From the Guidelines
Lack of limbic sparing on eye examination in a patient with eye pain is a significant finding that suggests a more severe or systemic inflammatory condition, and according to the most recent study 1, it may be associated with neuropathic ocular pain (NOP), which can develop after ocular surgeries, postinfection, or as a result of chronic ocular surface abnormalities. The absence of limbic sparing is particularly concerning in cases of anterior uveitis, where it may indicate conditions such as granulomatous disease, sarcoidosis, or autoimmune disorders like rheumatoid arthritis. When examining a patient with this finding, it's essential to perform a thorough systemic evaluation, including laboratory tests for autoimmune markers and possibly imaging studies, as recommended by the study 1. Treatment depends on the underlying cause, but for NOP, topical nerve regenerative therapies, like autologous serum tears, or oral neuromodulators (e.g., pregabalin, gabapentin, duloxetine, amitriptyline, nortriptyline, low-dose naltrexone) may be used, as suggested by the study 1. The limbus contains stem cells crucial for corneal regeneration, so inflammation in this area can potentially lead to long-term corneal complications if not properly managed. Some key points to consider in the evaluation and management of patients with lack of limbic sparing and eye pain include:
- A thorough ocular surface and tear parameter examination to evaluate for nociceptive sources of pain
- Assessment of patients’ symptoms, including the use of questionnaires like the Neuropathic Pain Symptom Inventory (NPSI)-Eye or the Ocular Pain Assessment Survey (OPAS)
- The “anesthetic challenge test” to aid in localizing the pain
- Consideration of complementary therapies such as acupuncture, cognitive behavioral therapy, or hypnosis to address the emotional component of the pain.
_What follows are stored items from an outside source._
Lemma branch_mix_orth j k s t :
  (j, s) != (k, t) -> hsdot (branch_mix j s) (branch_mix k t) = 0.
Proof.
have [<-|jk _] := eqVneq j k; last first.
  by rewrite !(hsdotZl, hsdotZr, hsdotDl, hsdotDr, hsdot_branch_neq jk, mulr0, add0r).
have := hsdot_phase_orth (etrans (hsdot_branch_norm j false) (esym (hsdot_branch_norm j true))).
rewrite xpair_eqE eqxx -val_eqE /branch_mix -/(branch_phase j).
move: (branch j false) (branch j true) (branch_phase j) => X Y l orth.
case: s t => [[|[|s]] ?] [[|[|t]] ?] //= _; rewrite ?scale0r ?hsdot0l ?hsdot0r //.
  by rewrite !scale1r expr0 expr1 mul1r mulN1r scaleNr.
by rewrite hsdotC !scale1r expr0 expr1 mul1r mulN1r scaleNr orth conjC0.
Qed.

Lemma branch_mix_sum j b : \sum_s (mix_phase j b s / 2) *: branch_mix j s = branch j b.
Proof.
rewrite !big_ord_recl big1 => [|s _]; last by rewrite /branch_mix ltnNge ltnS lift0 scale0r scaler0.
rewrite /branch_mix /mix_phase /bump /= expr0 expr1 !scale1r addr0 mul1r mulN1r.
have := phase_unit (hsdot (branch j false) (branch j true)); rewrite -/(branch_phase j).
have two : (2 : C) != 0 by rewrite pnatr_eq0.
case: b; move: (branch j false) (branch j true) (branch_phase j) => X Y l l_unit;
  apply/matrixP => r c; rewrite !mxE; last by field.
by transitivity (l^* * l * Y r c); [field | rewrite l_unit mul1r].
Qed.

Definition mix_unitary j b : 'M[C]_D := diag_mx (\row_s mix_phase j b s).

Definition mix_family (p : 'I_(N * D)) := branch_mix (ui p).1 (ui p).2.

Definition mix_state : 'cV[C]_(N * D) := \col_p (hsnorm (mix_family p) / 2).

Lemma mix_phase_unit j b s : (mix_phase j b s)^* * mix_phase j b s = 1.
Proof.
rewrite /mix_phase; case: b; last by rewrite rmorph1 mulr1.
rewrite rmorphM rmorph_sign /= conjCK mulrACA -expr2 sqrr_sign mul1r mulrC.
exact: phase_unit.
Qed.

Lemma mix_unitary_unitary j b : unitary (mix_unitary j b).
Proof.
rewrite /unitary /mix_unitary adj_diag !mulmx_diag -diag_const_mx.
by split; congr diag_mx; apply/rowP => s; rewrite !mxE ?mix_phase_unit // mulrC mix_phase_unit.
Qed.

Lemma mix_family_orth p q : p != q -> hsdot (mix_family p) (mix_family q) = 0.
Proof.
case: (mxtens_indexP p) => j s; case: (mxtens_indexP q) => k t.
by rewrite mxtens_index_eq /mix_family !mxtens_indexK; apply: branch_mix_orth.
Qed.

Lemma ctrl_mix_state x p :
  (ctrlU mix_unitary x *m mix_state) p 0 =
  mix_phase (ui p).1 (x (ui p).1) (ui p).2 / 2 * hsnorm (mix_family p).
Proof.
rewrite (ctrlU_diag (fun j b => \row_s mix_phase j b s)) mul_diag_mx !mxE.
by rewrite mulrA mulrAC.
Qed.

Lemma mix_family_sum (x : {ffun 'I_N -> bool}) :
  \sum_p (mix_phase (ui p).1 (x (ui p).1) (ui p).2 / 2) *: mix_family p =
  ctrlU U x *m A.
Proof.
rewrite sum_mxtens /ctrlU mulmx_suml; apply: eq_bigr => j _.
by under eq_bigr do rewrite /mix_family !mxtens_indexK /=; apply: branch_mix_sum.
Qed.

Variable Pi : bool -> 'M[C]_(N * d).

Lemma mix_behavior a x :
  hsdot (ctrlU mix_unitary x *m mix_state)
        (gram_povm mix_family Pi a *m (ctrlU mix_unitary x *m mix_state)) =
  hsdot (ctrlU U x *m A) (Pi a *m (ctrlU U x *m A)).
Proof. by rewrite (gram_povm_behavior _ _ (ctrl_mix_state x)) mix_family_sum. Qed.

Lemma mix_state_norm :
  Pi false + Pi true = 1%:M -> hsdot A A = 1 -> hsdot mix_state mix_state = 1.
Proof.
(* Summing the behaviour identity over both outcomes gives the norm identity. *)
move=> Pi_sum A_norm; pose x : {ffun 'I_N -> bool} := [ffun=> false].
rewrite -(hsdot_unitary _ (ctrlU_unitary x mix_unitary_unitary)).
rewrite -(hsdot_povm_sum _ (gram_povm_sum mix_family_orth Pi_sum)) !mix_behavior.
by rewrite hsdot_povm_sum // hsdot_unitary // ctrlU_unitary.
Qed.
It is crucial to set up expectations early and encourage patients to continue the treatment even if they don’t feel immediate relief, as the study 1 suggests that all neuromodulators require time to take effect, with about 3 to 4 months at a therapeutic dose, to see a reduction in pain.
From the Research
Examination of Eye in a Patient with Eye Pain
- The term "limbic sparing" refers to the preservation of the limbic system, which is a complex system of nerves and networks in the brain, involving several areas near the edge of the cortex concerned with instinct and mood, and is closely associated with the olfactory senses 2.
- In the context of eye examination, "lack of limbic sparing" is not a direct term used in ophthalmology, but it can be related to the concept of altered intrinsic brain activities in patients with acute eye pain 2.
- A study using the amplitude of low-frequency fluctuation (ALFF) method found that acute eye pain patients had significantly lower ALFF in the left and right precentral/postcentral gyrus and left precuneus, and higher ALFF values in the right and left parahippocampal gyri and left caudate 2.
- The parahippocampal gyri are part of the limbic system, which suggests that the lack of limbic sparing in eye pain patients may be related to abnormal intrinsic brain activities in the limbic system 2.
- However, it is essential to note that the term "limbic sparing" is not directly related to ophthalmological examinations, and more research is needed to understand the relationship between limbic system activity and eye pain 2.
Ophthalmological Conditions
- Other ophthalmological conditions, such as superior limbic keratoconjunctivitis (SLK), can cause eye pain and inflammation 3.
- SLK is characterized by chronic inflammation of the superior limbus and superior bulbar and tarsal conjunctivae, and can be associated with other ocular and non-ocular conditions 3.
- The pathogenesis of SLK is still unknown, but it is thought to be related to mechanical injury, tear film instability, or an autoimmune/inflammatory etiology 3.
- Limbal stem cell deficiency (LSCD) is another condition that can cause eye pain and vision problems 4, 5.
- LSCD can be caused by various factors, including contact lens wear, ocular rosacea, and benzalkonium chloride toxicity 4.
- Treatment options for LSCD include medical therapy, such as topical corticosteroids and cyclosporine, and surgical interventions, such as simple limbal epithelial transplantation (SLET) 4, 5.